## Supplied information

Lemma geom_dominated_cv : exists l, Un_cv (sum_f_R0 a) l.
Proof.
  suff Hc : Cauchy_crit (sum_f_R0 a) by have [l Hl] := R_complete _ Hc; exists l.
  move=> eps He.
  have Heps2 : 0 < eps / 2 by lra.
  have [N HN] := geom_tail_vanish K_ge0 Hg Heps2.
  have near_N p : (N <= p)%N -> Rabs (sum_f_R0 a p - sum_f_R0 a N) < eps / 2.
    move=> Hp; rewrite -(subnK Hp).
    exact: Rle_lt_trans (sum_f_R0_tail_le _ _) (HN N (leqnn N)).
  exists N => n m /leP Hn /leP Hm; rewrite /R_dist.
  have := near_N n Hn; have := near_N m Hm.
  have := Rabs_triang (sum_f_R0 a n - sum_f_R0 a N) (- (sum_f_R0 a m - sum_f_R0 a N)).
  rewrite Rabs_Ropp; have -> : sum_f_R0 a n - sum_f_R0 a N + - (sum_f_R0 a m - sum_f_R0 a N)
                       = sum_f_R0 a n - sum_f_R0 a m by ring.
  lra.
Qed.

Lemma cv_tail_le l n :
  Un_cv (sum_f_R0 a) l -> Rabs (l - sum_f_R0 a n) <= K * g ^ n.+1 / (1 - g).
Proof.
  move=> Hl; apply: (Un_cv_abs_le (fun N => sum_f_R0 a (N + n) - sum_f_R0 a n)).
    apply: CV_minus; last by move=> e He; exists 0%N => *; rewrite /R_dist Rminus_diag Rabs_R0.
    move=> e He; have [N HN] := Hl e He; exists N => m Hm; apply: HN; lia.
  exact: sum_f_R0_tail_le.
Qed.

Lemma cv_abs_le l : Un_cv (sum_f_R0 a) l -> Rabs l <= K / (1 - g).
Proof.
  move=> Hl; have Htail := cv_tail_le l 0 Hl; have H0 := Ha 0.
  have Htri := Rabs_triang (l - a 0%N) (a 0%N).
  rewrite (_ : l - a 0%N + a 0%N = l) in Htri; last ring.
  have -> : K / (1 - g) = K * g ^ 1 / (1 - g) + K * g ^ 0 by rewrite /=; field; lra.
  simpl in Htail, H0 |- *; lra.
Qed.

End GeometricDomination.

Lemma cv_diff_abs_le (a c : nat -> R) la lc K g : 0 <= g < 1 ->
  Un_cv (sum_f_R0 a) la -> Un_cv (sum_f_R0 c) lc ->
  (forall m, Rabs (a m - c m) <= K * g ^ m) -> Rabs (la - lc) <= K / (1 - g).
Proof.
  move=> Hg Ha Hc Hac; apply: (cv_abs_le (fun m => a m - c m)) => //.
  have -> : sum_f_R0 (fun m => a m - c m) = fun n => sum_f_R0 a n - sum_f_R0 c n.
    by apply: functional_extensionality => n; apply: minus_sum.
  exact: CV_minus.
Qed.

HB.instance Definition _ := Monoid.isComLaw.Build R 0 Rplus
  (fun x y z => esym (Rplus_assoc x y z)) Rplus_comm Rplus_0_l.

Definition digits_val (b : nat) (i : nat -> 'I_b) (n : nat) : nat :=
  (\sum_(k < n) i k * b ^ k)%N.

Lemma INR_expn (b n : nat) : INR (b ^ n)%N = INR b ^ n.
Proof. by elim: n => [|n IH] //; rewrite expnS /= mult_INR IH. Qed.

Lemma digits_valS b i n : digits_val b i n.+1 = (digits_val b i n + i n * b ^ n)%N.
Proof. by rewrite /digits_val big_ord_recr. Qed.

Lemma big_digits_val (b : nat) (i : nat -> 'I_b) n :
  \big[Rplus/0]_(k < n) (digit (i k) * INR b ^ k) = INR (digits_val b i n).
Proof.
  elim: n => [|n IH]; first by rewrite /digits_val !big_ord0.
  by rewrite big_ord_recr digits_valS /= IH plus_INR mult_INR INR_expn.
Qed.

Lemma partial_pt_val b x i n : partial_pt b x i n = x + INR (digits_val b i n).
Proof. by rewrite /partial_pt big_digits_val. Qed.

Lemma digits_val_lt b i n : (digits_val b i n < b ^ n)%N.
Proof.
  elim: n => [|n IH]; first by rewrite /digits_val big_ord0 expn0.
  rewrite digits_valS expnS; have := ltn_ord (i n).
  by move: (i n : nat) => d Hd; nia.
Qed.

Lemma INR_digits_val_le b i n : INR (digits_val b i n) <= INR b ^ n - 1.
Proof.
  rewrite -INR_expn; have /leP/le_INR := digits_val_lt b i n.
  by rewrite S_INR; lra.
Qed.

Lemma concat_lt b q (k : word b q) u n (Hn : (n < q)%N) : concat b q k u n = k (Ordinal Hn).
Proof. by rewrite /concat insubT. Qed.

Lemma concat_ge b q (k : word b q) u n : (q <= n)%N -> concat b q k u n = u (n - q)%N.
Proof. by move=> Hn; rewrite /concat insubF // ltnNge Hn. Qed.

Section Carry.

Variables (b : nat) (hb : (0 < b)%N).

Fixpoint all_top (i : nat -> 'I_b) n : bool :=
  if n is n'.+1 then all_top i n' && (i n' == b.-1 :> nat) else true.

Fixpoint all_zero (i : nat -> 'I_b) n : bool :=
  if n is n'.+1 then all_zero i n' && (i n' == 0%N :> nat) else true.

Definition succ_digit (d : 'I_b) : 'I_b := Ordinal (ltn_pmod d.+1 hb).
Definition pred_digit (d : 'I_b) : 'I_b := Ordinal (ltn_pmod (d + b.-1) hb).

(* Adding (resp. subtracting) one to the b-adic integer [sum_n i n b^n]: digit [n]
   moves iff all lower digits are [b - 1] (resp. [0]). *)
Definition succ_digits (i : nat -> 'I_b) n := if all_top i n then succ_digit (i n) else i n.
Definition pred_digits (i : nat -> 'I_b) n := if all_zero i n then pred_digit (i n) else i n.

...

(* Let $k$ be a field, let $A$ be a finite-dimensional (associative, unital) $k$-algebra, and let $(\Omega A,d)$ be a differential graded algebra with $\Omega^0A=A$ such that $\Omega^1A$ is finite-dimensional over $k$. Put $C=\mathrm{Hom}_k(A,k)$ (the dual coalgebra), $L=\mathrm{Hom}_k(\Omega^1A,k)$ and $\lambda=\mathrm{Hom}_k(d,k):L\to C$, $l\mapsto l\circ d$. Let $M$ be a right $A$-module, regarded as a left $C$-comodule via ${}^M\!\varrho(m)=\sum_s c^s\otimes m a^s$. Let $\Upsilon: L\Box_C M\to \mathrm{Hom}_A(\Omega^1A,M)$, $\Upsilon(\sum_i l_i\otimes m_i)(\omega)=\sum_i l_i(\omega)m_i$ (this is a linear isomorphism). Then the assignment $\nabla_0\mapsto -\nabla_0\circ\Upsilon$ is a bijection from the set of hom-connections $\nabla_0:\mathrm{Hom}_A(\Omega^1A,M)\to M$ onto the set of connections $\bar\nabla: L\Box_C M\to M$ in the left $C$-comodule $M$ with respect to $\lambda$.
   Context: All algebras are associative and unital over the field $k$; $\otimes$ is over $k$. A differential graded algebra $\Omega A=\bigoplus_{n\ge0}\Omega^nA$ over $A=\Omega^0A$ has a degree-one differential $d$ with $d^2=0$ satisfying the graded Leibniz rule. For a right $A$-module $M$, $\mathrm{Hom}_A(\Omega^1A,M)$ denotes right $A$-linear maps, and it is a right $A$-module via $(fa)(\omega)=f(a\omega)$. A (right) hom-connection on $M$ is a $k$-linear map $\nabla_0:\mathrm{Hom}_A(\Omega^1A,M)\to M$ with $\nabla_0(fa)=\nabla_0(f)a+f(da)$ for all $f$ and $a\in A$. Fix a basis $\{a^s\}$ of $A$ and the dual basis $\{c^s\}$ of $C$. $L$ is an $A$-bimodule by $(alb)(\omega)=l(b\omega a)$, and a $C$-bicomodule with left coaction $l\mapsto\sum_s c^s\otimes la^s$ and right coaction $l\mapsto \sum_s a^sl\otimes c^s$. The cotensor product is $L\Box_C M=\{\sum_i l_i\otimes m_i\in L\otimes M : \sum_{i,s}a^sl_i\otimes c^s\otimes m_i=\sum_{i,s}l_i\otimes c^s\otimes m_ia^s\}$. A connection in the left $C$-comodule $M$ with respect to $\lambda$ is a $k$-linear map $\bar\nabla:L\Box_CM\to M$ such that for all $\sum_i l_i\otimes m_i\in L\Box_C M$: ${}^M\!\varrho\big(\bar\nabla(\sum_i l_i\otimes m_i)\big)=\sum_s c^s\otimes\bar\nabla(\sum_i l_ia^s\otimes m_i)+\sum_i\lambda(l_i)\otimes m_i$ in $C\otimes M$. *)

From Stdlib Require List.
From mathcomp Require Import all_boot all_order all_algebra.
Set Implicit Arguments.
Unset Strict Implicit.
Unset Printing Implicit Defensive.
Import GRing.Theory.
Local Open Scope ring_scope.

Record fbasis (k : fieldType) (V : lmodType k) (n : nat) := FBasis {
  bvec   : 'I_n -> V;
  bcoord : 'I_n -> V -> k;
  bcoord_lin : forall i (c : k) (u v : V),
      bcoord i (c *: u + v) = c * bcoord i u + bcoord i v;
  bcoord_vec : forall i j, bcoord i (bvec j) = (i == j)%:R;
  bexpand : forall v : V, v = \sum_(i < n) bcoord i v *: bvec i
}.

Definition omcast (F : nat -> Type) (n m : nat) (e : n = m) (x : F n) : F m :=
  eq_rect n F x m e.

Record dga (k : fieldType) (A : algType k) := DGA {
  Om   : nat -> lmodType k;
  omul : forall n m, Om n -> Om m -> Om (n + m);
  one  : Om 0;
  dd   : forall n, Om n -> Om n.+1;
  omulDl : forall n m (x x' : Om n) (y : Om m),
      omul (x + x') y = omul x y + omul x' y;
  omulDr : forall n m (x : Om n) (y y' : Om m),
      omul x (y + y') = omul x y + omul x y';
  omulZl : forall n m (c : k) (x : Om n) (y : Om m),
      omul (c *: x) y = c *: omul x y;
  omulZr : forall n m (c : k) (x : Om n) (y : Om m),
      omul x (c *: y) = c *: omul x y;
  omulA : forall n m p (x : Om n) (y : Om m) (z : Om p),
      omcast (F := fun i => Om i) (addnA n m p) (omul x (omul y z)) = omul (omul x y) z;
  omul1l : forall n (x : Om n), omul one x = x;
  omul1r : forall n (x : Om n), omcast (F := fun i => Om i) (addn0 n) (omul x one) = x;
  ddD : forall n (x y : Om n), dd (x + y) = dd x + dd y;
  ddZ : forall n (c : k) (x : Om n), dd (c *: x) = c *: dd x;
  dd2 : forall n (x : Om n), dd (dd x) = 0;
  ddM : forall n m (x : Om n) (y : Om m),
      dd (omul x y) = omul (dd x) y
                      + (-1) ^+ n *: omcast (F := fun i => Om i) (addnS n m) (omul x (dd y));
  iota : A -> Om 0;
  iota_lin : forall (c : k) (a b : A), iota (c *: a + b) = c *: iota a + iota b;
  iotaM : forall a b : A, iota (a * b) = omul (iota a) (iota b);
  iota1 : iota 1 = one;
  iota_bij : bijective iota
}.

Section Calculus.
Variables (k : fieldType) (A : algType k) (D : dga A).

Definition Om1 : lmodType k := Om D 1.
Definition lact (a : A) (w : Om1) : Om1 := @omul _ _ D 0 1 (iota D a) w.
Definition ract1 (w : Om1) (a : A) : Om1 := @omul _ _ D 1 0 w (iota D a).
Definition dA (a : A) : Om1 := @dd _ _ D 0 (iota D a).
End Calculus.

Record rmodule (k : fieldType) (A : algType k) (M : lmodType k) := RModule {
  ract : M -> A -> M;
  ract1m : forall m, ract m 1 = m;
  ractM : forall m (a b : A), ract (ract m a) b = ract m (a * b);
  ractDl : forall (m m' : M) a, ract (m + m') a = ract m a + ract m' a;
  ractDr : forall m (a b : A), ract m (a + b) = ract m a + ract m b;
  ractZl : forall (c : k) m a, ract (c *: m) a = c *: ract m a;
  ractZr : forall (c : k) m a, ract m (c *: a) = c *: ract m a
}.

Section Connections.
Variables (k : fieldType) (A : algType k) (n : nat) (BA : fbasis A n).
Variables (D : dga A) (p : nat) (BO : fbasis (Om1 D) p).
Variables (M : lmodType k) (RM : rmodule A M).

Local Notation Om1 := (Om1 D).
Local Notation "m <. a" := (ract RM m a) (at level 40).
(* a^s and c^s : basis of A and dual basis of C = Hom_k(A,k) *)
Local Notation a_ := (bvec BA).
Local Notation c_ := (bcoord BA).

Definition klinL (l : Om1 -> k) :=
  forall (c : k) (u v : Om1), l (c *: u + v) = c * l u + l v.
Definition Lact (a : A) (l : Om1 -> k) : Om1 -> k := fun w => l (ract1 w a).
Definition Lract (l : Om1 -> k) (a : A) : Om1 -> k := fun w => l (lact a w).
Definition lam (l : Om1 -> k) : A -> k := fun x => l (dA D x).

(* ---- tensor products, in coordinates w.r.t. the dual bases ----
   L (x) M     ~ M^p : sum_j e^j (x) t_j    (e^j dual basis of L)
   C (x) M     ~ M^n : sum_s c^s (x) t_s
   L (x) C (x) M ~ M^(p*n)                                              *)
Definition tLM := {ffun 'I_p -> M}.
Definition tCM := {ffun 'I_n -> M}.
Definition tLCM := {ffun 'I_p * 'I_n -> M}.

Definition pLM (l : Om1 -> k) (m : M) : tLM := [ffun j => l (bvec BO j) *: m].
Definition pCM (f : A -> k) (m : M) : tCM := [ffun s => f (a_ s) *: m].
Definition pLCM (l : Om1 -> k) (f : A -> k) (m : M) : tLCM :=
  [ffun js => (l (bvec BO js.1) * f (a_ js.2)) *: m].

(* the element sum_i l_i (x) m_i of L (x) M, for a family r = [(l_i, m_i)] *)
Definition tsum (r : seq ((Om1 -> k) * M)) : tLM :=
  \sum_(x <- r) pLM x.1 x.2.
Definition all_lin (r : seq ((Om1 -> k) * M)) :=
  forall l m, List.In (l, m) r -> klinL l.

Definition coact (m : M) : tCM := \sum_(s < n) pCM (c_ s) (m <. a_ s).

--

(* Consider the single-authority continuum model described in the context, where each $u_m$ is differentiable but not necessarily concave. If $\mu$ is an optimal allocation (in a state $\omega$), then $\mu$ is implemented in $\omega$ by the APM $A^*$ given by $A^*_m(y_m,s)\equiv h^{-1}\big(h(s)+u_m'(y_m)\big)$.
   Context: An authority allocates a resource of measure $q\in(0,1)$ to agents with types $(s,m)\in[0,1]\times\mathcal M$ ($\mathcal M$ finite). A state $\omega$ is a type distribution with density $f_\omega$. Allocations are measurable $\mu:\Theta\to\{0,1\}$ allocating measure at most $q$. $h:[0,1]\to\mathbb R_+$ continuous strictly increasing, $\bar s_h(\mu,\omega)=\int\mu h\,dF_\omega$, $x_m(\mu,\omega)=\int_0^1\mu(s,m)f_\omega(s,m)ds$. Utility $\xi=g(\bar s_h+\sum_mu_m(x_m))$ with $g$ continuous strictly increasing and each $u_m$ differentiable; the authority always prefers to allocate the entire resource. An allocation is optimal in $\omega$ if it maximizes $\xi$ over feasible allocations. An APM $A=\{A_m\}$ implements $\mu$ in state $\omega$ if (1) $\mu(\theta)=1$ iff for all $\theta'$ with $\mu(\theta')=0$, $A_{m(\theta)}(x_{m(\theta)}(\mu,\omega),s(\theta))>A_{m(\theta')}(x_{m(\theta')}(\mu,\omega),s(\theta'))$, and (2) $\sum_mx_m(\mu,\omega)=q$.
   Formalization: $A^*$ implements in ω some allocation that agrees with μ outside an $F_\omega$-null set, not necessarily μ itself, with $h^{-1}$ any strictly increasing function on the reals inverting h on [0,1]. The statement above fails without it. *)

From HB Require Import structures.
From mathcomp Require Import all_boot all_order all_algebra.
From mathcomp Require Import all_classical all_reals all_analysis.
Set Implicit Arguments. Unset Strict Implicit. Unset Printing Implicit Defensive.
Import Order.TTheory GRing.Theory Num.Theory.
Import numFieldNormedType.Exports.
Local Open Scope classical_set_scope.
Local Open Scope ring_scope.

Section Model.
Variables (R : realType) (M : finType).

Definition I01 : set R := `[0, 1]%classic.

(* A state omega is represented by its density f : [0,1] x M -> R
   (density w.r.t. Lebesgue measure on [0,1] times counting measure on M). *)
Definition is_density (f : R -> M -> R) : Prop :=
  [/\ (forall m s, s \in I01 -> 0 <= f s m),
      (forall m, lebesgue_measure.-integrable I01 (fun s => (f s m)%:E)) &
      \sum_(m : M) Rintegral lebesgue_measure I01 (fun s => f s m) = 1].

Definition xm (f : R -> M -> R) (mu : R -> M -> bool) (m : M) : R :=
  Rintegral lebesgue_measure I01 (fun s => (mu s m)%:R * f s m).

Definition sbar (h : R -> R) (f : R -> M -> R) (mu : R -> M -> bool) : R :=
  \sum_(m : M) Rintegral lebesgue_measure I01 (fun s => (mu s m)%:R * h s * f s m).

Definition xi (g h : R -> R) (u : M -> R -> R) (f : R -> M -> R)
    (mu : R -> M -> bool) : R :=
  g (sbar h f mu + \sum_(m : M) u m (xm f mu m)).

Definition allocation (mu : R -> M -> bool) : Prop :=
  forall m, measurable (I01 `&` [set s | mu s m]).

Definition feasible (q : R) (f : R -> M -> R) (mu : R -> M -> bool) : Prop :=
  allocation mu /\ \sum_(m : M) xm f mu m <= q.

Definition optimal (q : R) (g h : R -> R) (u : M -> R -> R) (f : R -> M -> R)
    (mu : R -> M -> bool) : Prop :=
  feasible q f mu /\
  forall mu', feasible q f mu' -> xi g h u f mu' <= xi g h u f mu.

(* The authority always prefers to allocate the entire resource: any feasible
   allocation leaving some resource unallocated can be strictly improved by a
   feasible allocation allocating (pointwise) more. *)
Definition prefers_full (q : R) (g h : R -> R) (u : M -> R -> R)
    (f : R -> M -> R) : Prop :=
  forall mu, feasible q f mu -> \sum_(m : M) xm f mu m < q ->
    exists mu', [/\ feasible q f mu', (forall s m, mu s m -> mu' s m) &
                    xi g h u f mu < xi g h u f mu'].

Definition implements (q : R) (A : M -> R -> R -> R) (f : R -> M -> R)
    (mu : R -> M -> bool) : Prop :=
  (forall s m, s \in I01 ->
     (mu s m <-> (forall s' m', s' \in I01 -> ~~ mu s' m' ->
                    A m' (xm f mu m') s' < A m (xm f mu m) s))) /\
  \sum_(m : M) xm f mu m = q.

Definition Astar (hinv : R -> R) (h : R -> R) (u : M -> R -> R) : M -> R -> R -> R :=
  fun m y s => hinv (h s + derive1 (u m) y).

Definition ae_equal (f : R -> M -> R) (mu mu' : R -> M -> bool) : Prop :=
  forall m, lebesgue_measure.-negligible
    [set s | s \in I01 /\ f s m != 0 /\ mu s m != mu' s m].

## Work instructions
Pull every line containing "Theory" from the data.

## Your solution
Import GRing.Theory.
Import Order.TTheory GRing.Theory Num.Theory.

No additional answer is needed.